Residências como futuro
Adultos com uma vida rica e preenchida, emocional e profissionalmente, têm muitas vezes o desejo de terem a sua própria casa. Os adultos com t21 não são excepção nesta vontade de viverem a sua própria vida. 

Tornar este modelo de vida independente também em Portugal uma realidade para as pessoas com t21 será um dos nossos maiores desafios. Sabemos que os pais envelhecem e muitas vezes deixam de ser capazes de assumir o papel do cuidador. É preciso criar respostas enquanto os pais ainda são jovens e podem ajudar na decisão do tipo de vida que gostariam para os filhos. As decisões tomadas devem ter sempre como base o desejo da própria pessoa com t21. Embora seja difícil de aceitar, aquilo que os pais e famílias querem pode não ser o que a própria pessoa em questão quer.

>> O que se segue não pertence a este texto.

(* The category $\mathbf{USppQu}$ of unitally supported quantales is a full and reflective subcategory of $\mathbf{SppUQu}$. For each object $(Q,\varsigma)$ of $\mathbf{SppUQu}$ the reflection $\eta:(Q,\varsigma)\to(Q,\varsigma_e)$ is obtained by defining the unital support $\varsigma_e(x)=\varsigma(x)\triangleright e$ for all $x\in Q$ and setting $\eta_1=\mathrm{id}_Q$ and $\eta_0(a)=a\triangleright e$ for all $a\in Q_0$.
   Context: For a locale $A$, an $A$-$A$-bimodule is a sup-lattice $M$ with actions $a\triangleright m$, $m\triangleleft a$ preserving joins in each variable, with $1_A\triangleright m=m$, $(a\wedge b)\triangleright m=a\triangleright(b\triangleright m)$, $m\triangleleft1_A=m$, $m\triangleleft(a\wedge b)=(m\triangleleft a)\triangleleft b$, $(a\triangleright m)\triangleleft b=a\triangleright(m\triangleleft b)$. An $A$-$A$-quantale is such a $Q$ with associative join-preserving multiplication and $(a\triangleright x)y=a\triangleright(xy)$, $(x\triangleleft a)y=x(a\triangleright y)$, $(xy)\triangleleft a=x(y\triangleleft a)$; involutive if there is a join-preserving $x\mapsto x^*$ with $x^{**}=x$, $(xy)^*=y^*x^*$, $(a\triangleright(x\triangleleft b))^*=b\triangleright(x^*\triangleleft a)$. A based quantale is an involutive $Q_0$-$Q_0$-quantale for a locale $Q_0$; a support is a join-preserving $\varsigma:Q\to Q_0$ with $\varsigma(1_Q)=1_{Q_0}$, $\varsigma(x)\triangleright y\le xx^*y$, $\varsigma(x)\triangleright x=x$. A morphism of supported quantales $f:Q\to R$ is a pair $(f_1,f_0)$, $f_1$ a homomorphism of involutive quantales, $f_0:Q_0\to R_0$ a frame homomorphism, with $f_1(a\triangleright x)=f_0(a)\triangleright f_1(x)$, $f_1(x\triangleleft a)=f_1(x)\triangleleft f_0(a)$ and $f_0\circ\varsigma_Q=\varsigma_R\circ f_1$. $\mathbf{SppUQu}$: supported quantales whose quantale $Q$ has a multiplicative unit $e$, with morphisms such that $f_1$ preserves the unit. A unital support on a unital involutive quantale $Q$ is a join-preserving $\varsigma:Q\to Q$ with $\varsigma(x)\le e$, $\varsigma(x)\le xx^*$, $x\le\varsigma(x)x$; $\mathbf{USppQu}$ has these as objects and unital involutive quantale homomorphisms commuting with supports as morphisms. $\mathbf{USppQu}$ is identified with a subcategory of $\mathbf{SppUQu}$ by regarding $(Q,\varsigma)$ as a based quantale with $Q_0={\downarrow}e$ and actions $a\triangleright x=ax$, $x\triangleleft a=xa$, and a morphism $f$ as $(f,f|_{{\downarrow}e})$. *)

From Stdlib Require Import ClassicalEpsilon ProofIrrelevance.
Set Implicit Arguments.

Record SupLat := {
  sl_car :> Type;
  sl_le : sl_car -> sl_car -> Prop;
  sl_sup : (sl_car -> Prop) -> sl_car;
  sl_refl : forall x, sl_le x x;
  sl_trans : forall x y z, sl_le x y -> sl_le y z -> sl_le x z;
  sl_antisym : forall x y, sl_le x y -> sl_le y x -> x = y;
  sl_sup_ub : forall S x, S x -> sl_le x (sl_sup S);
  sl_sup_least : forall S y, (forall x, S x -> sl_le x y) -> sl_le (sl_sup S) y }.

Arguments sl_le {s} _ _.
Arguments sl_sup {s} _.

Definition image {A B : Type} (f : A -> B) (S : A -> Prop) : B -> Prop :=
  fun y => exists x, S x /\ y = f x.

Definition joinpres {L M : SupLat} (f : L -> M) : Prop :=
  forall S : L -> Prop, f (sl_sup S) = sl_sup (image f S).

Definition meet {L : SupLat} (a b : L) : L :=
  sl_sup (fun c => sl_le c a /\ sl_le c b).
Definition top (L : SupLat) : L := sl_sup (fun _ => True).

Definition is_frame (L : SupLat) : Prop :=
  forall (a : L) (S : L -> Prop), meet a (sl_sup S) = sl_sup (image (meet a) S).

Definition frame_hom {L M : SupLat} (f : L -> M) : Prop :=
  joinpres f /\ (forall a b, f (meet a b) = meet (f a) (f b)) /\ f (top L) = top M.

Record SQ := {
  sq_Q : SupLat;
  sq_Q0 : SupLat;
  sq_lact : sq_Q0 -> sq_Q -> sq_Q;      (* a |> x *)
  sq_ract : sq_Q -> sq_Q0 -> sq_Q;
  sq_mul : sq_Q -> sq_Q -> sq_Q;
  sq_inv : sq_Q -> sq_Q;
  sq_supp : sq_Q -> sq_Q0;
  sq_e : sq_Q }.

(** ... and axioms: supported quantale with a multiplicative unit *)
Record is_SppUQu (A : SQ) : Prop := {
  spp_frame : is_frame (sq_Q0 A);
  spp_lact_jr : forall a, joinpres (sq_lact A a);
  spp_lact_jl : forall x, joinpres (fun a => sq_lact A a x);
  spp_ract_jl : forall a, joinpres (fun x => sq_ract A x a);
  spp_ract_jr : forall x, joinpres (sq_ract A x);
  spp_lact_top : forall x, sq_lact A (top (sq_Q0 A)) x = x;
  spp_lact_meet : forall a b x, sq_lact A (meet a b) x = sq_lact A a (sq_lact A b x);
  spp_ract_top : forall x, sq_ract A x (top (sq_Q0 A)) = x;
  spp_ract_meet : forall a b x, sq_ract A x (meet a b) = sq_ract A (sq_ract A x a) b;
  spp_lr : forall a b x, sq_ract A (sq_lact A a x) b = sq_lact A a (sq_ract A x b);
  spp_assoc : forall x y z, sq_mul A x (sq_mul A y z) = sq_mul A (sq_mul A x y) z;
  spp_mul_jr : forall x, joinpres (sq_mul A x);
  spp_mul_jl : forall y, joinpres (fun x => sq_mul A x y);
  spp_lact_mul : forall a x y, sq_mul A (sq_lact A a x) y = sq_lact A a (sq_mul A x y);
  spp_ract_mul : forall a x y, sq_mul A (sq_ract A x a) y = sq_mul A x (sq_lact A a y);
  spp_mul_ract : forall a x y, sq_ract A (sq_mul A x y) a = sq_mul A x (sq_ract A y a);
  spp_inv_j : joinpres (sq_inv A);
  spp_inv_inv : forall x, sq_inv A (sq_inv A x) = x;
  spp_inv_mul : forall x y, sq_inv A (sq_mul A x y) = sq_mul A (sq_inv A y) (sq_inv A x);
  spp_inv_act : forall a b x,
    sq_inv A (sq_lact A a (sq_ract A x b)) = sq_lact A b (sq_ract A (sq_inv A x) a);
  spp_supp_j : joinpres (sq_supp A);
  spp_supp_top : sq_supp A (top (sq_Q A)) = top (sq_Q0 A);
  spp_supp_le : forall x y,
    sl_le (sq_lact A (sq_supp A x) y) (sq_mul A (sq_mul A x (sq_inv A x)) y);
  spp_supp_act : forall x, sq_lact A (sq_supp A x) x = x;
  spp_unit_l : forall x, sq_mul A (sq_e A) x = x;
  spp_unit_r : forall x, sq_mul A x (sq_e A) = x }.

Record SppUQu_mor (A B : SQ) (f1 : sq_Q A -> sq_Q B) (f0 : sq_Q0 A -> sq_Q0 B) : Prop := {
  sm_j : joinpres f1;
  sm_mul : forall x y, f1 (sq_mul A x y) = sq_mul B (f1 x) (f1 y);
  sm_inv : forall x, f1 (sq_inv A x) = sq_inv B (f1 x);
  sm_unit : f1 (sq_e A) = sq_e B;
  sm_frame : frame_hom f0;
  sm_lact : forall a x, f1 (sq_lact A a x) = sq_lact B (f0 a) (f1 x);
  sm_ract : forall a x, f1 (sq_ract A x a) = sq_ract B (f1 x) (f0 a);
  sm_supp : forall x, f0 (sq_supp A x) = sq_supp B (f1 x) }.

Record USQ := {
  uq_Q : SupLat;
  uq_mul : uq_Q -> uq_Q -> uq_Q;
  uq_inv : uq_Q -> uq_Q;
  uq_e : uq_Q;
  uq_supp : uq_Q -> uq_Q }.

Record is_USppQu (R : USQ) : Prop := {
  usp_assoc : forall x y z, uq_mul R x (uq_mul R y z) = uq_mul R (uq_mul R x y) z;
  usp_mul_jr : forall x, joinpres (uq_mul R x);
  usp_mul_jl : forall y, joinpres (fun x => uq_mul R x y);
  usp_unit_l : forall x, uq_mul R (uq_e R) x = x;
  usp_unit_r : forall x, uq_mul R x (uq_e R) = x;
  usp_inv_j : joinpres (uq_inv R);
  usp_inv_inv : forall x, uq_inv R (uq_inv R x) = x;
  usp_inv_mul : forall x y, uq_inv R (uq_mul R x y) = uq_mul R (uq_inv R y) (uq_inv R x);
  usp_supp_j : joinpres (uq_supp R);
  usp_supp_e : forall x, sl_le (uq_supp R x) (uq_e R);
  usp_supp_xx : forall x, sl_le (uq_supp R x) (uq_mul R x (uq_inv R x));
  usp_supp_x : forall x, sl_le x (uq_mul R (uq_supp R x) x) }.

Record USppQu_mor (R S : USQ) (g : uq_Q R -> uq_Q S) : Prop := {
  um_j : joinpres g;
  um_mul : forall x y, g (uq_mul R x y) = uq_mul S (g x) (g y);
  um_inv : forall x, g (uq_inv R x) = uq_inv S (g x);
  um_unit : g (uq_e R) = uq_e S;
  um_supp : forall x, g (uq_supp R x) = uq_supp S (g x) }.

Section Down.
Variables (L : SupLat) (e : L).

Definition down_sup (S : {x : L | sl_le x e} -> Prop) : {x : L | sl_le x e}.
Proof.
  exists (sl_sup (image (@proj1_sig _ _) S)).
  apply sl_sup_least. intros x [[y Hy] [_ ->]]. exact Hy.
Defined.

Definition downSL : SupLat.
Proof.
  refine (@Build_SupLat {x : L | sl_le x e}
            (fun x y => sl_le (proj1_sig x) (proj1_sig y)) down_sup _ _ _ _ _).
  - intros x; apply sl_refl.
  - intros x y z; apply sl_trans.
  - intros [x px] [y py] H1 H2; simpl in *.
    assert (x = y) by (apply sl_antisym; assumption). subst y.
    f_equal; apply proof_irrelevance.
  - intros S x Sx; simpl. apply sl_sup_ub. exists x; auto.
  - intros S y H; simpl. apply sl_sup_least. intros x [z [Sz ->]]. apply H, Sz.
Defined.

(** total corestriction  L -> ↓e  (identity on elements below e; junk value e otherwise) *)
Definition todown (x : L) : downSL :=
  match excluded_middle_informative (sl_le x e) with
  | left p => exist (fun y => sl_le y e) x p
  | right _ => exist (fun y => sl_le y e) e (sl_refl _ e)
  end.
End Down.
Arguments downSL {L} e.
Arguments todown {L} e x.
Arguments down_sup {L} e S.

(** * The embedding USppQu -> SppUQu: Q_0 = ↓e, actions = multiplication *)
Definition J (R : USQ) : SQ := {|
  sq_Q := uq_Q R;
  sq_Q0 := downSL (uq_e R);
  sq_lact := fun (a : downSL (uq_e R)) x => uq_mul R (proj1_sig a) x;
  sq_ract := fun x (a : downSL (uq_e R)) => uq_mul R x (proj1_sig a);
  sq_mul := uq_mul R;
  sq_inv := uq_inv R;
  sq_supp := fun x => todown (uq_e R) (uq_supp R x);
  sq_e := uq_e R |}.

Definition Jmor (R S : USQ) (g : uq_Q R -> uq_Q S) :
  downSL (uq_e R) -> downSL (uq_e S) :=
  fun a => todown (uq_e S) (g (proj1_sig a)).

Definition supp_e (A : SQ) (x : sq_Q A) : sq_Q A := sq_lact A (sq_supp A x) (sq_e A).

Definition reflU (A : SQ) : USQ := {|
  uq_Q := sq_Q A; uq_mul := sq_mul A; uq_inv := sq_inv A;
  uq_e := sq_e A; uq_supp := supp_e A |}.

Definition eta0 (A : SQ) : sq_Q0 A -> downSL (sq_e A) :=
  fun a => todown (sq_e A) (sq_lact A a (sq_e A)).

From Stdlib Require Import ClassicalEpsilon ProofIrrelevance.
Set Implicit Arguments.

(* Below the unit e of a unitally supported quantale every element is a
   self-adjoint idempotent with [ς a = a], so on ↓e multiplication is the meet
   and ↓e is a locale; this makes J R a supported quantale.  Conversely
   [ς_e x = ς x ▷ e] is a unital support on any object of SppUQu.  A morphism
   (f1, f0) into some J S is determined by f1, because [f0 a = f1 (a ▷ e)]; so
   f1 itself is the unique factorisation through η = (id, a ↦ a ▷ e), which is
   reflectivity, and for A = J R (where ς_e = ς) the same fact gives fullness. *)

Section SupLattice.
Variable L : SupLat.

Lemma sup_ext (S T : L -> Prop) : (forall x, S x <-> T x) -> sl_sup S = sl_sup T.
Proof.
  intros ST; apply sl_antisym; apply sl_sup_least; intros x Hx; apply sl_sup_ub, ST, Hx.
Qed.

Lemma le_top (x : L) : sl_le x (top L).
Proof. apply sl_sup_ub; exact I. Qed.

Lemma sup_image_id (S : L -> Prop) : sl_sup (image (fun x => x) S) = sl_sup S.
Proof.
  apply sup_ext; intros x; split.
  - intros [y [Sy ->]]; exact Sy.
  - intros Sx; exists x; auto.
Qed.

Lemma sup_image_ext (A : Type) (f g : A -> L) (S : A -> Prop) :
  (forall x, f x = g x) -> sl_sup (image f S) = sl_sup (image g S).
Proof.
  intros fg; apply sup_ext; intros y; split; intros [x [Sx ->]]; exists x; auto.
Qed.

Lemma sup_image_comp (A B : Type) (f : B -> L) (g : A -> B) (S : A -> Prop) :
  sl_sup (image f (image g S)) = sl_sup (image (fun x => f (g x)) S).
Proof.
  apply sup_ext; intros y; split.
  - intros [z [[x [Sx ->]] ->]]; exists x; auto.
  - intros [x [Sx ->]]; exists (g x); split; [exists x|]; auto.
Qed.

End SupLattice.

Lemma joinpres_ext (L M : SupLat) (f g : L -> M) :
  (forall x, f x = g x) -> joinpres f -> joinpres g.
Proof.
  intros fg Hf S; rewrite <- fg, Hf; apply sup_image_ext, fg.
Qed.

Lemma joinpres_comp (L M N : SupLat) (f : L -> M) (g : M -> N) :
  joinpres f -> joinpres g -> joinpres (fun x => g (f x)).
Proof. intros Hf Hg S; rewrite Hf, Hg; apply sup_image_comp. Qed.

Atualmente as únicas respostas existentes para adultos com t21 em Portugal são a institucionalização ou ficarem em casa. Depois de uma vida em comunidade na escola, chegada a idade adulta ainda não há respostas diversificadas de acordo com a necessidade, vontade e capacidade das pessoas. 

A nossa responsabilidade é criar condições para que todas as pessoas possam viver com dignidade, independentemente do modelo de vida escolhido.